▶ _Activity_:
Find every line in the records below that holds the word "lneg", and copy it out.

▶ _Given information_:
(* Let $\mathcal{L}^-\subseteq\mathcal{L}$ be languages with $\mathcal{L}\setminus\mathcal{L}^-$ relational. Let $\mathbb{K}$ be an age in $\mathcal{L}$ such that both $\mathbb{K}$ and $\mathbb{K}\restriction\mathcal{L}^-$ are strong Fraïssé classes, let $\kappa$ be an infinite cardinal, and let $M^-$ be an $\mathcal{L}^-$-structure with $M^-\models \mathrm{Fr}_\kappa(\mathbb{K}\restriction\mathcal{L}^-)$. Suppose $\lambda\le \mathrm{cf}(\kappa)$ and $\mathbb{K}$ is closed under less than $\lambda$-unions. Then the partial order $\mathrm{Fn}^{M^-}_{\mathbb{K}}(\kappa)$ is $\lambda$-closed, i.e. for every $\gamma<\lambda$ and every sequence $\langle \mathcal{A}_i : i<\gamma\rangle$ of elements of $\mathrm{Fn}^{M^-}_{\mathbb{K}}(\kappa)$ with $\mathcal{A}_i\subseteq\mathcal{A}_j$ for $i<j<\gamma$, there is $\mathcal{B}\in\mathrm{Fn}^{M^-}_{\mathbb{K}}(\kappa)$ with $\mathcal{A}_i\subseteq\mathcal{B}$ for all $i<\gamma$.
   Context: Languages may be many-sorted. For an $\mathcal{L}$-structure $\mathcal{M}$ and a set $A$ of its elements, the substructure generated by $A$ is the smallest substructure of $\mathcal{M}$ containing $A$ (closure of $A$ under all terms). $\mathcal{M}$ is $<\lambda$-generated if it is generated by a set of size $<\lambda$; for a tuple $\mathbf{a}$, ''$\mathbf{a}$ generates $\mathcal{A}$'' means the set of its entries does. An age in $\mathcal{L}$ is a class of $\mathcal{L}$-structures closed under isomorphism. For an age $\mathbb{K}$: $\mathbb{K}_\kappa$ is the class of elements of $\mathbb{K}$ that are $<\kappa$-generated; for $\mathcal{L}^-\subseteq\mathcal{L}$, $\mathbb{K}\restriction\mathcal{L}^-=\{\mathcal{A}\restriction\mathcal{L}^-:\mathcal{A}\in\mathbb{K}\}$. $\mathbb{K}$ has HP if it is closed under substructures; JEP if any two members embed in a common member; AP if for embeddings $i_1:\mathcal{A}_0\to\mathcal{A}_1$, $i_2:\mathcal{A}_0\to\mathcal{A}_2$ in $\mathbb{K}$ there are $\mathcal{A}_3\in\mathbb{K}$ and embeddings $j_1:\mathcal{A}_1\to\mathcal{A}_3$, $j_2:\mathcal{A}_2\to\mathcal{A}_3$ with $j_1\circ i_1=j_2\circ i_2$; SAP if moreover one can always choose these with $j_1[\mathcal{A}_1]\cap j_2[\mathcal{A}_2]=(j_1\circ i_1)[\mathcal{A}_0]$. A Fraïssé class is an age with HP, JEP, AP; a strong Fraïssé class is a Fraïssé class with SAP. $\mathbb{K}$ is closed under less than $\lambda$-unions if for every $\gamma<\lambda$ and every chain $(\mathcal{A}_i)_{i<\gamma}$ in $\mathbb{K}$ with $\mathcal{A}_i\subseteq\mathcal{A}_j$ for $i<j$, $\bigcup_{i<\gamma}\mathcal{A}_i\in\mathbb{K}$. For an $\mathcal{L}$-structure $\mathcal{A}$ and tuple $\mathbf{a}$ in it, $\mathrm{qftp}^{\mathcal{A}}(\mathbf{a})(\mathbf{x})$ is the set of literals in variables $\mathbf{x}$ satisfied by $\mathbf{a}$ in $\mathcal{A}$. $\mathrm{Fr}_\kappa(\mathbb{K})\subseteq\mathcal{L}_{\infty\kappa}(\mathcal{L})$ is the theory with axioms: (a) for all $\mathcal{A}\in\mathbb{K}$ and tuples $\mathbf{a}$ generating $\mathcal{A}$: $(\exists\mathbf{x})\bigwedge\mathrm{qftp}^{\mathcal{A}}(\mathbf{a})(\mathbf{x})$; (b) for all $\mathcal{A},\mathcal{B}\in\mathbb{K}$ with $\mathcal{A}\subseteq\mathcal{B}$, $\mathbf{a}$ generating $\mathcal{A}$ and $\mathbf{b}$ generating $\mathcal{B}$: $(\forall\mathbf{x})[\bigwedge\mathrm{qftp}^{\mathcal{A}}(\mathbf{a})(\mathbf{x})\to(\exists\mathbf{y})\bigwedge\mathrm{qftp}^{\mathcal{B}}(\mathbf{a}\mathbf{b})(\mathbf{x}\mathbf{y})]$. For an $\mathcal{L}^-$-structure $M^-$, $\mathbb{K}[M^-]=\{\mathcal{A}\in\mathbb{K}:\mathcal{A}\restriction\mathcal{L}^-\text{ is a substructure of }M^-\}$. $\mathrm{Fn}^{M^-}_{\mathbb{K}}(\kappa)$ is the partial order whose elements are the structures in $\mathbb{K}_\kappa[M^-]$, ordered by $\mathcal{M}\le\mathcal{N}$ iff $\mathcal{N}\subseteq\mathcal{M}$ (substructure). *)

From Stdlib Require Import Arith.

Definition fin (n : nat) : Type := {i : nat | i < n}.

Definition card_le (A B : Type) : Prop :=
  exists f : A -> B, forall x y, f x = f y -> x = y.
Definition card_lt (A B : Type) : Prop := card_le A B /\ ~ card_le B A.

Definition well_order {T : Type} (R : T -> T -> Prop) : Prop :=
  (forall x, ~ R x x) /\
  (forall x y z, R x y -> R y z -> R x z) /\
  (forall x y, R x y \/ x = y \/ R y x) /\
  well_founded R.

(* A cardinal is represented as an initial ordinal: a well-ordered type
   each of whose proper initial segments has strictly smaller cardinality. *)
Definition is_infinite_cardinal {T : Type} (lt : T -> T -> Prop) : Prop :=
  well_order lt /\
  card_le nat T /\
  (forall a : T, ~ card_le T {b : T | lt b a}).

Definition cofinal {T : Type} (lt : T -> T -> Prop) (X : T -> Prop) : Prop :=
  forall a : T, exists b, X b /\ (lt a b \/ a = b).

(* lambda <= cf(kappa): every cofinal subset of kappa has size >= lambda,
   since cf(kappa) is the least size of a cofinal subset. *)
Definition le_cf (Lam : Type) {T : Type} (lt : T -> T -> Prop) : Prop :=
  forall X : T -> Prop, cofinal lt X -> card_le Lam {b : T | X b}.

Record Language : Type := {
  sort : Type;
  fsym : Type;
  rsym : Type;
  farity : fsym -> nat;
  fsort : forall f : fsym, fin (farity f) -> sort;
  fcod : fsym -> sort;
  rarity : rsym -> nat;
  rsort : forall r : rsym, fin (rarity r) -> sort
}.

Arguments farity {_} _.
Arguments fsort {_} _ _.
Arguments fcod {_} _.
Arguments rarity {_} _.
Arguments rsort {_} _ _.

Record Structure (L : Language) : Type := {
  dom : sort L -> Type;
  fint : forall f : fsym L, (forall i : fin (farity f), dom (fsort f i)) -> dom (fcod f);
  rint : forall r : rsym L, (forall i : fin (rarity r), dom (rsort r i)) -> Prop
}.

Arguments dom {_} _ _.
Arguments fint {_} _ _ _.
Arguments rint {_} _ _ _.

Section Basics.
Variable L : Language.

Definition is_embedding (A B : Structure L) (h : forall s, dom A s -> dom B s) : Prop :=
  (forall s x y, h s x = h s y -> x = y) /\
  (forall f args, h (fcod f) (fint A f args) = fint B f (fun i => h _ (args i))) /\
  (forall r args, rint A r args <-> rint B r (fun i => h _ (args i))).

Definition is_iso (A B : Structure L) (h : forall s, dom A s -> dom B s) : Prop :=
  is_embedding A B h /\ (forall s (y : dom B s), exists x, h s x = y).

Definition isomorphic (A B : Structure L) : Prop := exists h, is_iso A B h.

Definition closed (A : Structure L) (D : forall s, dom A s -> Prop) : Prop :=
  forall f (args : forall i : fin (farity f), dom A (fsort f i)),
    (forall i, D _ (args i)) -> D _ (fint A f args).

Definition induce (A : Structure L) (D : forall s, dom A s -> Prop)
  (H : closed A D) : Structure L :=
  {| dom := fun s => {x : dom A s | D s x};
     fint := fun f args =>
       exist _ (fint A f (fun i => proj1_sig (args i)))
               (H f (fun i => proj1_sig (args i)) (fun i => proj2_sig (args i)));
     rint := fun r args => rint A r (fun i => proj1_sig (args i)) |}.

Definition generates (A : Structure L) (X : forall s, dom A s -> Prop) : Prop :=
  forall D, closed A D -> (forall s x, X s x -> D s x) -> forall s x, D s x.

Definition lt_generated (Kap : Type) (A : Structure L) : Prop :=
  exists X : forall s, dom A s -> Prop,
    card_lt {s : sort L & {x : dom A s | X s x}} Kap /\ generates A X.

Definition age (K : Structure L -> Prop) : Prop :=
  forall A B, K A -> isomorphic A B -> K B.

Definition HP (K : Structure L -> Prop) : Prop :=
  forall A D (H : closed A D), K A -> K (induce A D H).

Definition JEP (K : Structure L -> Prop) : Prop :=
  forall A B, K A -> K B -> exists C j1 j2,
    K C /\ is_embedding A C j1 /\ is_embedding B C j2.

Definition AP (K : Structure L -> Prop) : Prop :=
  forall A0 A1 A2 i1 i2, K A0 -> K A1 -> K A2 ->
    is_embedding A0 A1 i1 -> is_embedding A0 A2 i2 ->
    exists A3 j1 j2, K A3 /\ is_embedding A1 A3 j1 /\ is_embedding A2 A3 j2 /\
      (forall s x, j1 s (i1 s x) = j2 s (i2 s x)).

Definition SAP (K : Structure L -> Prop) : Prop :=
  forall A0 A1 A2 i1 i2, K A0 -> K A1 -> K A2 ->
    is_embedding A0 A1 i1 -> is_embedding A0 A2 i2 ->
    exists A3 j1 j2, K A3 /\ is_embedding A1 A3 j1 /\ is_embedding A2 A3 j2 /\
      (forall s x, j1 s (i1 s x) = j2 s (i2 s x)) /\
      (forall s (y : dom A3 s),
         ((exists x1, j1 s x1 = y) /\ (exists x2, j2 s x2 = y)) <->
         (exists x0, j1 s (i1 s x0) = y)).

Definition fraisse_class (K : Structure L -> Prop) : Prop :=
  age K /\ HP K /\ JEP K /\ AP K.

Definition strong_fraisse_class (K : Structure L -> Prop) : Prop :=
  fraisse_class K /\ SAP K.

(* A chain (A_i)_{i<gamma}, gamma an
   ordinal < lambda, is represented by a well-ordered index type I of size
   < lambda, and substructures A_i (universes D i) of a common structure C
   (e.g. the union itself). *)
Definition union_closed (Lam : Type) (K : Structure L -> Prop) : Prop :=
  forall (I : Type) (ltI : I -> I -> Prop), well_order ltI -> card_lt I Lam ->
  forall (C : Structure L) (D : I -> forall s, dom C s -> Prop)
         (H : forall i, closed C (D i)),
    (forall i, K (induce C (D i) (H i))) ->
    (forall i j, ltI i j -> forall s x, D i s x -> D j s x) ->
    exists HU : closed C (fun s x => exists i, D i s x),
      K (induce C (fun s x => exists i, D i s x) HU).

Section Syntax.
Variables (J : Type) (sg : J -> sort L).

Inductive term : sort L -> Type :=
| tvar : forall j : J, term (sg j)
| tapp : forall f : fsym L,
    (forall i : fin (farity f), term (fsort f i)) -> term (fcod f).

Inductive atomic : Type :=
| aeq : forall s, term s -> term s -> atomic
| arel : forall r : rsym L, (forall i : fin (rarity r), term (rsort r i)) -> atomic.

Inductive literal : Type :=
| lpos : atomic -> literal
| lneg : atomic -> literal.

Fixpoint teval (A : Structure L) (a : forall j, dom A (sg j)) s (t : term s)
  : dom A s :=
  match t in term s0 return dom A s0 with
  | tvar j => a j
  | tapp f args => fint A f (fun i => teval A a _ (args i))
  end.

Definition holds_atomic (A : Structure L) (a : forall j, dom A (sg j))
  (phi : atomic) : Prop :=
  match phi with
  | aeq s t1 t2 => teval A a s t1 = teval A a s t2
  | arel r args => rint A r (fun i => teval A a _ (args i))
  end.

Definition holds (A : Structure L) (a : forall j, dom A (sg j))
  (phi : literal) : Prop :=
  match phi with
  | lpos p => holds_atomic A a p
  | lneg p => ~ holds_atomic A a p
  end.

Definition realizes_qftp (A : Structure L) (a : forall j, dom A (sg j))
  (M : Structure L) (m : forall j, dom M (sg j)) : Prop :=
  forall phi : literal, holds A a phi -> holds M m phi.

End Syntax.

Definition entries {J : Type} {sg : J -> sort L} (A : Structure L)
  (a : forall j, dom A (sg j)) : forall s, dom A s -> Prop :=
  fun s x => exists j, existT (dom A) (sg j) (a j) = existT (dom A) s x.

Definition sum_sort {J J' : Type} (sg : J -> sort L) (sg' : J' -> sort L)
  : J + J' -> sort L :=
  fun x => match x with inl j => sg j | inr j => sg' j end.

Definition tuple_app {J J' : Type} {sg : J -> sort L} {sg' : J' -> sort L}
  (A : Structure L) (a : forall j, dom A (sg j)) (b : forall j, dom A (sg' j))
  : forall x : J + J', dom A (sum_sort sg sg' x) :=
  fun x => match x as x0 return dom A (sum_sort sg sg' x0) with
           | inl j => a j
           | inr j => b j
           end.

(* M |= Fr_kappa(K) ; tuples have length < kappa (as required in L_{infty kappa}) *)
Definition models_Fr (Kap : Type) (K : Structure L -> Prop) (M : Structure L) : Prop :=
  (forall (A : Structure L), K A ->
   forall (J : Type) (sg : J -> sort L) (a : forall j, dom A (sg j)),
     card_lt J Kap -> generates A (entries A a) ->
     exists m : forall j, dom M (sg j), realizes_qftp J sg A a M m) /\
  (forall (B : Structure L) (D : forall s, dom B s -> Prop) (H : closed B D),
     K B -> K (induce B D H) ->
   forall (J : Type) (sg : J -> sort L) (a : forall j, dom (induce B D H) (sg j))
          (J' : Type) (sg' : J' -> sort L) (b : forall j, dom B (sg' j)),
     card_lt J Kap -> card_lt J' Kap ->
     generates (induce B D H) (entries (induce B D H) a) ->
     generates B (entries B b) ->
     forall m : forall j, dom M (sg j),
       realizes_qftp J sg (induce B D H) a M m ->
       exists n : forall j, dom M (sg' j),
         realizes_qftp (J + J') (sum_sort sg sg')
           B (tuple_app B (fun j => proj1_sig (a j)) b)
           M (tuple_app M m n)).

End Basics.

Arguments tvar {_ _ _} _.
Arguments tapp {_ _ _} _ _.

(* L^- consists of all sorts and function symbols of L and of the relation
   symbols r with P r = true; thus L \ L^- is relational. *)
Definition sublang (L : Language) (P : rsym L -> bool) : Language :=
  {| sort := sort L;
     fsym := fsym L;
     rsym := {r : rsym L | P r = true};
     farity := @farity L;
     fsort := @fsort L;
     fcod := @fcod L;
     rarity := fun r : {r : rsym L | P r = true} => rarity (proj1_sig r);
     rsort := fun r : {r : rsym L | P r = true} => rsort (proj1_sig r) |}.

▶ _Answer to this problem_:
| lneg : atomic -> literal.
  | lneg p => ~ holds_atomic A a p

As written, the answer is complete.